Поэтому я громко зевнула и потянулась, давая ему время снова надеть свою рубашку до того, как я встану. Гексли лизнул мне руку, и я дала ему еще сыра и весело потрепала его за ушами.
– Бога ради, он не комнатная собачонка! – зарычал его хозяин. Но Гексли только перекатился на спину, подставив мне свой живот. Я хорошенько почесала его, а затем встала и подошла к слону.
– Вы хорошо продвинулись. Я долго спала?
– Часа четыре.
– Впечатляюще! Вы так много успели сделать за такое короткое время, – заметила я.
– Это по-прежнему чертовски медленно, – пожаловался он и указал на остальную тушу зверя. – Сложность в том, чтобы сохранить этот отдел, не делая стежков.
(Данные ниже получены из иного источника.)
(* Let a := alpha_k^RIP ||x*|| and c := min_{i in S*} |x*_i| - a.  For any
   support estimate T with |T| <= k, write x_T - x* = w - u with w supported
   on T and u the part of x* outside T; the normal equations and the RIP give
   ||w|| <= delta_2k / (1 - delta_k) ||x*||, hence the gradient
   g = A^T (A x_T - y) vanishes on T and satisfies |g_j + x*_j| <= a off T.
   Along SEA, a coordinate outside S* therefore moves by at most eta a per
   step, while each step at which i in S* is left out of the estimate pushes
   sg(x*_i) X_i up by at least eta c.  An index i in S* that is left out is
   dominated by some coordinate outside S*, so up to time t it has been left
   out at most a t / c + 1 times.  If S* were never covered during N steps,
   summing over the at most k indices of S* would give N c <= k (a N + c),
   which the bound on beta and N excludes.  Once S* is covered, x^t = x* and
   the residual vanishes, so the best iterate has zero residual and equals x*
   by (2k+1)-RIP uniqueness of k-sparse solutions. *)

Section SEA.
Variable R : realType.

Definition dot {p} (u v : 'cV[R]_p) : R := \sum_i u i 0 * v i 0.

Lemma dotC {p} (u v : 'cV[R]_p) : dot u v = dot v u.
Proof. by apply: eq_bigr => i _; rewrite mulrC. Qed.

Lemma dotBr {p} (u v w : 'cV[R]_p) : dot u (v - w) = dot u v - dot u w.
Proof. by rewrite /dot -sumrB; apply: eq_bigr => i _; rewrite !mxE mulrBr. Qed.

Lemma dotDr {p} (u v w : 'cV[R]_p) : dot u (v + w) = dot u v + dot u w.
Proof. by rewrite /dot -big_split; apply: eq_bigr => i _; rewrite !mxE mulrDr. Qed.

Lemma dotZr {p} a (u v : 'cV[R]_p) : dot u (a *: v) = a * dot u v.
Proof. by rewrite /dot mulr_sumr; apply: eq_bigr => i _; rewrite !mxE mulrCA. Qed.

Lemma dotZl {p} a (u v : 'cV[R]_p) : dot (a *: u) v = a * dot u v.
Proof. by rewrite dotC dotZr dotC. Qed.

Lemma dot0r {p} (u : 'cV[R]_p) : dot u 0 = 0.
Proof. by apply: big1 => i _; rewrite mxE mulr0. Qed.

Lemma dot_trmx {p} (u v : 'cV[R]_p) : dot u v = (u^T *m v) 0 0.
Proof. by rewrite mxE; apply: eq_bigr => i _; rewrite mxE. Qed.

Lemma norm2_sq {p} (u : 'cV[R]_p) : norm2 u ^+ 2 = dot u u.
Proof.
rewrite sqr_sqrtr; last by apply: sumr_ge0 => i _; rewrite sqr_ge0.
by apply: eq_bigr => i _; rewrite expr2.
Qed.

Lemma norm2_ge0 {p} (u : 'cV[R]_p) : 0 <= norm2 u.
Proof. exact: sqrtr_ge0. Qed.

Lemma norm2_eq0 {p} (u : 'cV[R]_p) : (norm2 u == 0) = (u == 0).
Proof.
have sq_ge0 i (_ : true) : 0 <= u i 0 ^+ 2 by exact: sqr_ge0.
apply/idP/eqP => [|->]; last first.
  by rewrite /norm2 big1 ?sqrtr0 // => i _; rewrite mxE expr0n.
rewrite sqrtr_eq0 => /(conj (sumr_ge0 _ sq_ge0))/andP/le_anti/esym/psumr_eq0P u0.
apply/matrixP => i j; rewrite (ord1 j) mxE.
by apply/eqP; rewrite -sqrf_eq0 u0.
Qed.

Lemma norm2_gt0 {p} (u : 'cV[R]_p) : (0 < norm2 u) = (u != 0).
Proof. by rewrite lt_def norm2_eq0 norm2_ge0 andbT. Qed.

Lemma norm2_0 {p} : norm2 (0 : 'cV[R]_p) = 0.
Proof. by apply/eqP; rewrite norm2_eq0. Qed.

Lemma norm2Z {p} a (u : 'cV[R]_p) : norm2 (a *: u) = `|a| * norm2 u.
Proof.
rewrite /norm2 -sqrtr_sqr -sqrtrM ?sqr_ge0 // mulr_sumr.
by congr Num.sqrt; apply: eq_bigr => i _; rewrite mxE exprMn.
Qed.

Lemma norm2_delta {p} (j : 'I_p) : norm2 (delta_mx j 0 : 'cV[R]_p) = 1.
Proof.
rewrite /norm2 (bigD1 j) //= big1 ?addr0 => [|i /negPf ij]; last by rewrite mxE ij expr0n.
by rewrite mxE !eqxx expr1n sqrtr1.
Qed.

Lemma norm2DB_sq {p} (u v : 'cV[R]_p) :
  norm2 (u + v) ^+ 2 = norm2 u ^+ 2 + 2 * dot u v + norm2 v ^+ 2 /\
  norm2 (u - v) ^+ 2 = norm2 u ^+ 2 - 2 * dot u v + norm2 v ^+ 2.
Proof.
rewrite !norm2_sq /dot mulr_sumr -!(sumrB, big_split).
by split; apply: eq_bigr => i _; rewrite !mxE /=; ring.
Qed.

Definition restr {p} (T : {set 'I_p}) (v : 'cV[R]_p) : 'cV[R]_p :=
  \col_i (if i \in T then v i 0 else 0).

Lemma norm2_restr {p} (T : {set 'I_p}) (v : 'cV[R]_p) : norm2 (restr T v) <= norm2 v.
Proof.
rewrite ler_sqrt; last by apply: sumr_ge0 => i _; rewrite sqr_ge0.
by apply: ler_sum => i _; rewrite mxE; case: ifP; rewrite ?expr0n ?sqr_ge0.
Qed.

Lemma restrC {p} (T : {set 'I_p}) (v : 'cV[R]_p) : restr T v + restr (~: T) v = v.
Proof.
by apply/matrixP => i j; rewrite (ord1 j) !mxE inE; case: (i \in T); rewrite ?addr0 ?add0r.
Qed.

Lemma restrD1 {p} (T : {set 'I_p}) (v : 'cV[R]_p) j : j \in T ->
  restr T v = v j 0 *: delta_mx j 0 + restr (T :\ j) v.
Proof.
move=> jT; apply/matrixP => i c; rewrite (ord1 c) !mxE !inE andbT.
by case: eqVneq => [->|_]; rewrite ?jT ?mulr1 ?mulr0 ?addr0 ?add0r.
Qed.

Lemma supp_subsetP {p} (v : 'cV[R]_p) (U : {set 'I_p}) :
  reflect (forall i, i \notin U -> v i 0 = 0) (supp v \subset U).
Proof.
apply: (iffP fintype.subsetP) => [vU i|vU i]; last by rewrite inE; apply: contraR => /vU ->.
by apply: contraNeq => /negbTE vi; apply: vU; rewrite inE vi.
Qed.

Lemma suppZ {p} a (v : 'cV[R]_p) : supp (a *: v) \subset supp v.
Proof. by apply/supp_subsetP => i; rewrite inE negbK mxE => /eqP ->; rewrite mulr0. Qed.

Lemma suppN {p} (v : 'cV[R]_p) : supp (- v) = supp v.
Proof. by apply/setP => i; rewrite !inE mxE oppr_eq0. Qed.

Lemma suppD {p} (u v : 'cV[R]_p) : supp (u + v) \subset supp u :|: supp v.
Proof.
apply/supp_subsetP => i; rewrite !inE negb_or !negbK mxE.
by case/andP => /eqP -> /eqP ->; rewrite addr0.
Qed.

Lemma supp_delta {p} (j : 'I_p) : supp (delta_mx j 0 : 'cV[R]_p) = [set j].
Proof. by apply/setP => i; rewrite !inE mxE eqxx andbT pnatr_eq0 eqb0 negbK. Qed.

Lemma supp_restr {p} (T : {set 'I_p}) (v : 'cV[R]_p) : supp (restr T v) = T :&: supp v.
Proof. by apply/setP => i; rewrite !inE mxE; case: (i \in T); rewrite ?eqxx. Qed.

Lemma restr_disjoint {p} (T : {set 'I_p}) (v : 'cV[R]_p) :
  [disjoint T & supp v] -> restr T v = 0.
Proof.
move=> Tv; apply/matrixP => i j; rewrite (ord1 j) !mxE; case: ifP => // iT.
by move: (disjointFr Tv iT); rewrite inE => /negbFE/eqP.
Qed.

Lemma dot_disjoint {p} (u v : 'cV[R]_p) : [disjoint supp u & supp v] -> dot u v = 0.
Proof.
move=> uv; apply: big1 => i _; case: (boolP (i \in supp u)) => iu.
  by move: (disjointFr uv iu); rewrite inE => /negbFE/eqP ->; rewrite mulr0.
by move: iu; rewrite inE negbK => /eqP ->; rewrite mul0r.
Qed.

Lemma min_supp_le {p} (v : 'cV[R]_p) i : v i 0 != 0 -> min_supp v <= `|v i 0|.
Proof. exact: (@bigmin_le_cond _ _ _ _ _ (fun i => v i 0 != 0)). Qed.

Lemma min_supp_gt0 {p} (v : 'cV[R]_p) : v != 0 -> 0 < min_supp v.
Proof.
by rewrite -norm2_gt0 => v0; apply: lt_bigmin => // i vi; rewrite normr_gt0.
Qed.

Section RestrictedIsometry.
Context {m n l : nat} {A : 'M[R]_(m, n)} {d : R}.
Hypothesis rip : rip_ineq A l d.
Lemma geodesic_through_leaf c k l : 0 < k < 2 ^ r -> 0 < l -> depth l = r -> ancestor k l ->
  exists p, geodesic adj (gt_vertex c k) p /\
    forall v, ancestor k (gt_index v) -> ancestor (gt_index v) l -> v \in gt_vertex c k :: p.
Proof.
move=> k_ok l0 dl kl; set t := r - depth k.
have lt_l : l < 2 ^ r.+1 by rewrite -depth_lt // dl.
have top_l : l %/ 2 ^ t = k by move/eqP: kl; rewrite /ancestor dl.
have top_gt0 : 0 < l %/ 2 ^ t by rewrite top_l; case/andP: k_ok.
have leaf_l d : gt_vertex d l = gt_vertex c l.
  apply: gt_vertex_eq; rewrite ?gt_vertex_index ?gt_vertex_copy ?l0 //.
  by rewrite -depth_lt // dl ltnn !andbF.
have w_down := walk_rev gt_adj_sym (walk_ascent c top_gt0 lt_l).
have w_up := walk_ascent (~~ c) top_gt0 lt_l.
have /andP[_ /eqP last_down] := walk_ascent c top_gt0 lt_l.
rewrite top_l leaf_l in w_down w_up last_down.
exists (rev (belast (gt_vertex c l) (ascent c l t)) ++ ascent (~~ c) l t); split.
  case/andP: (walk_cat w_down w_up) => pp /eqP lp; split => // q; rewrite lp => wq.
  have := walk_copy_change_size k_ok wq.
  by rewrite size_cat size_rev size_belast !size_ascent; lia.
move=> v kv vl; rewrite -cat_cons -{1}last_down rev_belast_cons mem_cat mem_rev.
set s := r - depth (gt_index v).
have le_st : s <= t by have := ancestor_depth kv; rewrite /s /t; lia.
have iv : gt_index v = l %/ 2 ^ s by move/eqP: vl; rewrite /ancestor dl.
have [s0|s_gt0] := posnP s.
  have lv : quasi_leaf v by rewrite quasi_leafE eqn_leq depth_gt_index /=; lia.
  by rewrite -(gt_vertex_leaf c lv) iv s0 expn0 divn1 mem_head.
have := mem_ascent (gt_copy v) l (introT andP (conj s_gt0 le_st)).
rewrite -iv gt_vertexK inE.
by case: (gt_copy v) (c) => -[] ->; rewrite ?orbT.
Qed.

Lemma leaves_across_geodesic c x y n : quasi_leaf x -> quasi_leaf y ->
  gt_index x %/ 2 ^ n.+1 = gt_index y %/ 2 ^ n.+1 -> gt_index x %/ 2 ^ n != gt_index y %/ 2 ^ n ->
  on_common_geodesic adj x (gt_vertex c (gt_index x %/ 2 ^ n.+1)) y.
Proof.
move=> lx ly e_xy ne_xy; have lt_nr : n < r.
  by rewrite ltnNge; apply: contra ne_xy => /(leaves_divn_eq lx ly) ->.
have [q [w sq mem_top]] := walk_across c lx ly lt_nr e_xy.
exists x, q; split; last by rewrite mem_head mem_top; case/andP: w => _ /eqP <-; rewrite mem_last.
case/andP: (w) => pq /eqP lq; split => // q'; rewrite lq sq => w'.
exact: walk_leaves_size lx ly ne_xy w'.
Qed.

Lemma gp_set_leaves : gp_set adj [set v | quasi_leaf v].
Proof.
apply: gp_set_sorted => x p i j k geo /andP[lt_ij lt_jk] le_kp.
rewrite !inE => li lj; apply/negP => lk.
have meet m n : m <= n <= size p ->
    quasi_leaf (nth x (x :: p) m) -> quasi_leaf (nth x (x :: p) n) ->
    gt_index (nth x (x :: p) m) %/ 2 ^ (n - m)./2 = gt_index (nth x (x :: p) n) %/ 2 ^ (n - m)./2.
  by move=> mn lm ln; have [q w <-] := walk_segment geo.1 mn; apply: walk_leaves_meet.
have e_ij := meet i j (introT andP (conj (ltnW lt_ij) (ltnW (leq_trans lt_jk le_kp)))) li lj.
have e_jk := meet j k (introT andP (conj (ltnW lt_jk) le_kp)) lj lk.
set M := maxn (j - i)./2 (k - j)./2.
have e_ik : gt_index (nth x (x :: p) i) %/ 2 ^ M = gt_index (nth x (x :: p) k) %/ 2 ^ M.
  by rewrite (divn_exp2_eq_mono (leq_maxl _ _) e_ij) (divn_exp2_eq_mono (leq_maxr _ _) e_jk).
have [q w sq] := short_walk_leaves li lk e_ik.
have := geodesic_segment geo _ w; rewrite (ltnW (ltn_trans lt_ij lt_jk)) le_kp => /(_ isT).
by move: sq lt_ij lt_jk; rewrite /M; clear; lia.
Qed.

Lemma card_leaves : #|[set v | quasi_leaf v]| = 2 ^ r.
Proof.
have pow_gt0 : 0 < 2 ^ r by rewrite expn_gt0.
have j_ok (j : 'I_(2 ^ r)) : 0 < 2 ^ r + j < 2 ^ r.+1.
  by rewrite expnS ltn_addr //= mul2n -addnn ltn_add2l.
pose f (j : 'I_(2 ^ r)) := gt_vertex false (2 ^ r + j).
have f_inj : injective f.
  by move=> j1 j2 /(congr1 gt_index); rewrite !gt_vertex_index // => /addnI /val_inj.
suff -> : [set v | quasi_leaf v] = f @: setT by rewrite card_imset // cardsT card_ord.
apply/setP => v; rewrite inE; apply/idP/imsetP => [lv|[j _ ->]].
  have lt_j : gt_index v - 2 ^ r < 2 ^ r.
    by move: lv (gt_index_lt v); rewrite /quasi_leaf expnS; lia.
  by exists (Ordinal lt_j); rewrite // /f /= subnKC // gt_vertex_leaf.
by rewrite /quasi_leaf gt_vertex_index // leq_addr.
Qed.

Lemma gp_ancestors_of_leaf c k l (S : {set V}) v w : gp_set adj S -> 0 < k < 2 ^ r ->
  gt_vertex c k \in S -> v \in S :\ gt_vertex c k -> w \in S :\ gt_vertex c k ->
  0 < l -> depth l = r -> ancestor k (gt_index v) -> ancestor k (gt_index w) ->
  ancestor (gt_index v) l -> ancestor (gt_index w) l -> v = w.
Proof.
move=> gpS k_ok zS /setD1P[ne_vz vS] /setD1P[ne_wz wS] l0 dl kv kw vl wl.
have [p [geo on_p]] := geodesic_through_leaf c k_ok l0 dl (ancestor_trans kv vl).
case: (eqVneq v w) => // ne_vw; exfalso.
apply: (gpS _ _ _ zS vS wS); rewrite ?(eq_sym (gt_vertex c k)) //.
by exists (gt_vertex c k), p; split; rewrite ?mem_head ?on_p.
Qed.

Lemma leaf_below_subtree k v j : ancestor k (gt_index v) -> j < 2 ^ (r - depth (gt_index v)) ->
  let l := leaf_below r (gt_index v) j in
  [/\ 0 < l, depth l = r, ancestor (gt_index v) l & l %/ 2 ^ (r - depth k) = k].
Proof.
move=> kv lt_j l; have v_gt0 := gt_index_gt0 v.
have dl : depth l = r by apply: depth_leaf_below; rewrite ?depth_gt_index.
have vl : ancestor (gt_index v) l by apply: ancestor_leaf_below; rewrite ?depth_gt_index.
split=> //; first by rewrite /l /leaf_below addn_gt0 muln_gt0 v_gt0 expn_gt0.
by move/eqP: (ancestor_trans kv vl); rewrite /ancestor dl.
Qed.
Зажимы не держат так крепко, как мне бы того хотелось.
– А как думаете транспортировать экспонат, когда он будет закончен? Вы же не собираетесь везти его по улицам Лондона? Его нужно будет собирать уже на месте.
Он закатил глаза.
– Да, я об этом подумал. Я все-таки немного соображаю, что бы вы там ни говорили про филломедузу.
Сейчас он работал над задней частью животного и обошел меня, чтобы посмотреть на полностью отсутствующую переднюю половину.
– Невозможно смонтировать целого слона в один заход. Сама шкура весит больше тонны. Нужно все собирать по частям, и никто еще не сумел сделать это правильно. По крайней мере, пока. Это просто еще один эксперимент, шанс усовершенствовать процедуру до того, как приниматься за дело всерьез.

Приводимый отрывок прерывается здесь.